Does anyone have any ideas on how to make a male voodoo doll costume? I want to have pins sticking out from the shirt, but I am having a hard time trying to figure out how to do that. Any suggestions?


----------



## Nyghthawke (Oct 7, 2013)

Are you wanting to sew something from scratch, or find items already made?


----------



## offmymeds (May 26, 2010)

If there is someway you can attach a small pc of styrofoam under the shirt you could use bamboo skewers (sp?) to stick in the shirt and they should stay, attach a small wooden ball at the top for the tip of the pin. 
sorry, not sure how comfortable it would be.


----------



## Nyghthawke (Oct 7, 2013)

Not sure how *safe* that would be, either. Trying to figure out something that has the appearance of pins, but won't accidentally impale you if someone bumps into it. Maybe something like stiff plastic tubing.


----------



## CandiedOnions (Oct 10, 2013)

I thought about this a lot last year for a rag doll costume that never came to be, (so I haven't actually tested it, keep that in mind) and here's my theory:

You use metal or wooden knitting needles for the pins, and you'll need eyelets to set them (so get a gauge of needle that is the right size to fit tightly into the eyelets). Then you'll need a close-fitting vest of some sort under the shirt or a kind of harness. If you or a friend has and is comfortable with the appropriate tools, you can cut them in half or at least sand the ends down enough to avoid poking yourself with them*. They'll be longer if you just sand the end, it depends on the effect you want. Put an eyelet about where you would want the pin to stick out of your body, then put the flat end of your needle/needle half in the eyelet and secure it with some hardcore adhesive of your choice. If it still moves around more than you want (harness/vest not tight enough) you can either try adjusting the harness or stick the spot to your body with prosthetic adhesive stuff, since most of the support you'd need is already there to hold the needle in place... though I would recommend some sort of padding if you want to avoid actually being poked.
If you cut the needle in half, you can have the blunt half on one side of your body and the pointed half sticking out on the other side, making it look like you've been run through. It'll just look like flat-head pins this way but you could add whatever bauble you want to the end of the needle for decoration.

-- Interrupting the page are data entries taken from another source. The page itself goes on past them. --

Lemma troot_in T : troot T \in tset T.
Proof. by case: T => r es; rewrite tset_node /parts big_cons setU11. Qed.

Definition wf_node P r es := [/\ count (@is_marker p) es = 1%N,
  (0 < size (subtrees es))%N,
  forall T, List.In (Some T) es -> tree_on (tset T) (troot T) T,
  pairwise (fun A B : {set 'I_p} => [disjoint A & B]) (parts r es) &
  P = \bigcup_(A <- parts r es) A].

Lemma wf_node_tree_on P r es : wf_node P r es -> tree_on P r (CNode r es).
Proof.
case=> hcount hsub htrees; rewrite /parts pairwise_cons => /andP[hr hdisj] ->.
apply: node_on => //.
- by rewrite big_cons big_map.
- by move: hr; rewrite all_map => /allP_In hr T /hr /=; rewrite disjoints1.
- exact: (pairwise_map_nth _ _ (CNode r [::]) _).1 hdisj.
Qed.

Lemma tree_on_wf_node P r T : tree_on P r T -> (1 < #|P|)%N ->
  exists2 es, T = CNode r es & wf_node P r es.
Proof.
case=> [r0|P0 r0 es hcount hsub htrees -> hr hdisj]; first by rewrite cards1.
move=> _; exists es => //; split => //.
  rewrite /parts pairwise_cons; apply/andP; split.
    by rewrite all_map; apply/allP_In => T0 /hr; rewrite /= disjoints1.
  exact/(pairwise_map_nth _ _ (CNode r0 [::])).
by rewrite /parts big_cons big_map.
Qed.

Lemma tree_on_tset P r T : tree_on P r T -> tset T = P /\ troot T = r.
Proof.
case=> [r0|P0 r0 es _ _ _ -> _ _]; split => //; first by rewrite /= setU0.
by rewrite tset_node /parts big_cons big_map.
Qed.

Lemma wf_node_card P r es : wf_node P r es -> (1 < #|P|)%N.
Proof.
case=> _ + _ + ->; rewrite /parts; case: (subtrees es) => [|T s] // _.
rewrite pairwise_cons /= disjoints1 => /andP[/andP[rT _] _].
have neq_rT : r != troot T by apply: contraNneq rT => ->; exact: troot_in.
have sub : [set r; troot T] \subset
           [set r] :|: \bigcup_(A <- tset T :: map (@tset p) s) A.
  by rewrite setUS // big_cons sub1set inE troot_in.
by rewrite big_cons (leq_trans _ (subset_leq_card sub)) // cards2 neq_rT.
Qed.

Lemma count_marker_rcons_Some l T :
  count (@is_marker p) (rcons l (Some T)) = count (@is_marker p) l.
Proof. by rewrite -cats1 count_cat addn0. Qed.

Lemma wf_node_graft Q S r s l T : wf_node Q r l -> tree_on S s T ->
  [disjoint Q & S] -> wf_node (Q :|: S) r (rcons l (Some T)).
Proof.
case=> hcount hsub htrees hdisj hQ hT QS; have [eS es] := tree_on_tset hT.
split.
- by rewrite count_marker_rcons_Some.
- by rewrite subtrees_rcons size_rcons.
- by move=> T0 /In_rcons[/htrees //|[->]]; rewrite eS es.
- rewrite parts_rcons pairwise_rcons hdisj andbT eS.
  by apply/allP => A hA; apply: disjointWl QS; rewrite hQ bigcup_seq bigcup_sup.
- by rewrite parts_rcons -cats1 big_cat big_seq1 hQ eS.
Qed.

Lemma wf_node_prune P r l T : wf_node P r (rcons l (Some T)) ->
  let Q := \bigcup_(A <- parts r l) A in
  [/\ tree_on (tset T) (troot T) T, P = Q :|: tset T, [disjoint Q & tset T],
      count (@is_marker p) l = 1%N &
      (0 < size (subtrees l))%N -> wf_node Q r l].
Proof.
case; rewrite count_marker_rcons_Some parts_rcons pairwise_rcons.
move=> hcount _ htrees /andP[hT hdisj] hP Q; split => //.
- by apply: htrees; apply/In_rcons; right.
- by rewrite hP -cats1 big_cat big_seq1.
- rewrite disjoint_sym /Q bigcup_seq; apply: bigcup_disjoint => A /(allP hT).
  by rewrite disjoint_sym.
- by split=> // T0 hT0; apply: htrees; apply/In_rcons; left.
Qed.

Lemma wf_node_marker_front P r l :
  wf_node P r (rcons l None) -> wf_node P r (None :: l).
Proof.
case=> hcount; rewrite /parts subtrees_rcons => hsub htrees hdisj hP.
split => //; last by move=> T0 [//|hT0]; apply: htrees; apply/In_rcons; left.
by move: hcount; rewrite -cats1 count_cat /=; lia.
Qed.

Lemma marker_only l : size (subtrees l) = 0%N -> count (@is_marker p) l = 1%N ->
  l = [:: None].
Proof. by case: l => [|[T|] [|[T'|] l]] //= _; lia. Qed.

End Trees.

Section Costs.
Variables (R : realType) (p : nat) (m : 'I_p -> R)
          (alpha beta : 'I_p -> 'I_p -> R) (gamma : 'I_p -> R).
Hypotheses (hm : forall i, 0 <= m i)
    (halpha : forall i j, 0 <= alpha i j)
    (hbeta : forall i j, 0 <= beta i j)
    (hgamma : forall i, 0 <= gamma i).

Local Notation cost := (cost m alpha beta gamma).
Local Notation OPT := (OPT m alpha beta gamma).
Local Notation Size := (Size m).
Implicit Types (P Q S : {set 'I_p}) (r : 'I_p) (T : ctree p)
  (es l : seq (option (ctree p))).

Definition cost_step (r : 'I_p) (c : R) (E : option (ctree p)) : R :=
  if E is Some T then
    Num.max c (cost T) + alpha (troot T) r + beta (troot T) r * Size (tset T)
  else c + gamma r * m r.

Lemma costE r es : cost (CNode r es) = foldl (cost_step r) 0 es.
Proof. by rewrite /=; elim: es 0 => [|[T|] es IH] c //=; rewrite IH. Qed.

Lemma cost_rcons_Some r l T :
  cost (CNode r (rcons l (Some T))) = Num.max (cost (CNode r l)) (cost T)
    + alpha (troot T) r + beta (troot T) r * Size (tset T).
Proof. by rewrite !costE foldl_rcons. Qed.

Lemma cost_rcons_None r l :
  cost (CNode r (rcons l None)) = cost (CNode r l) + gamma r * m r.
Proof. by rewrite !costE foldl_rcons. Qed.

Lemma Size_ge0 S : 0 <= Size S.
Proof. exact: sumr_ge0. Qed.

Lemma le_foldl_cost_step r l : {homo foldl (cost_step r) ^~ l : c d / c <= d}.
Proof.
elim: l => [|[T|] l IH] c d cd //=; apply: IH; rewrite ?lerD2r //.
exact: le_max2.
Qed.

Lemma foldl_cost_step_ge r l c : c <= foldl (cost_step r) c l.
Proof.
elim: l c => [|[T|] l IH] c //=; apply: le_trans (IH _).
  have step_ge0 : 0 <= alpha (troot T) r + beta (troot T) r * Size (tset T).
    by rewrite addr_ge0 // mulr_ge0 // Size_ge0.
  by rewrite -addrA ler_wpDr // le_max lexx.
by rewrite lerDl mulr_ge0.
Qed.

Lemma foldl_cost_step_shift r l c d :
  0 <= d -> foldl (cost_step r) (c + d) l <= foldl (cost_step r) c l + d.
Proof.
move=> d0; elim: l c => [|[T|] l IH] c //=; last by rewrite addrAC IH.
apply: le_trans (IH _); apply: le_foldl_cost_step.
have : Num.max (c + d) (cost T) <= Num.max c (cost T) + d.
  by rewrite addr_maxl le_max2 // lerDl.
lra.
Qed.

Lemma cost_ge0 T : 0 <= cost T.
Proof. by case: T => r es; rewrite costE foldl_cost_step_ge. Qed.

Lemma cost_marker_front r l :
  cost (CNode r (None :: l)) <= cost (CNode r (rcons l None)).
Proof. by rewrite cost_rcons_None !costE /= foldl_cost_step_shift ?mulr_ge0. Qed.

Lemma wf_node_last_subtree P r es : wf_node P r es ->
  exists l T, wf_node P r (rcons l (Some T)) /\
              cost (CNode r (rcons l (Some T))) <= cost (CNode r es).
Proof.
case/lastP: es => [|l [T|]] hwf; first by case: hwf.
  by exists l, T.
have [hcount hsub _ _ _] := hwf.
have {hcount} : count (@is_marker p) l = 0%N.
  by move: hcount; rewrite -cats1 count_cat /=; lia.
rewrite subtrees_rcons in hsub.
case/lastP: l hwf hsub => [|l [T|]] hwf hsub // hcount.
  exists (None :: l), T; split; first exact: wf_node_marker_front.
  exact: cost_marker_front.
by move: hcount; rewrite -cats1 count_cat /=; lia.
Qed.

Lemma OPT_le_cost P r T : tree_on P r T -> OPT P r <= cost T.
Proof.
move=> hT; apply: ge_inf; last by exists T.
by exists 0 => _ [T0 [_ ->]]; exact: cost_ge0.
Qed.

Lemma le_OPT P r T0 v : tree_on P r T0 ->
  (forall T, tree_on P r T -> v <= cost T) -> v <= OPT P r.
Proof.
move=> hT0 H; apply: lb_le_inf; first by exists (cost T0), T0.
by move=> _ [T [hT ->]]; exact: H.
Qed.

Lemma OPT_singleton q : OPT [set q] q = 0.
Proof.
apply/le_anti/andP; split; first exact: OPT_le_cost (trivial_on q).
by apply: le_OPT (trivial_on q) _ => T _; exact: cost_ge0.
Qed.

*Alternatively, if you can't cut or sand anything, you could just feed the needle through the eyelet with the pointed end sticking out and the flat end on the inside of the vest, which could make it easier to glue and attach to skin. Then, you could just cover up any pointy ends that you don't want to be pointy with whatever.


----------



## DeadMeat (Aug 12, 2010)

I did a voodoo doll a few years back and the way I did the pins was by using wire coat hangers and small foam balls glued and painted on the ends. I wore burlap and just threaded the pin through the fabric. For the ones that looked stuck in, I cut them short, cut a small block of pink foam and duct taped it the the inside of my shirt. Then push pin into that. For safety sake, I bent the back of the pin into an L shape and duct tape that to the back of the foam block. 

Hope that helps. 

Also, for added affect, I made a small voodoo doll that looked just like me and used it as a prop.


----------



## CraigB (Oct 7, 2009)

I think DeadMeat's idea is great, and to add to it I would suggest bending the coathangers in a squared off U shape with both tips poking thru, so they will be better supported and impossible to pierce you... and if you bend a 90 in the center part of the U it would help keep the U from flopping over...


----------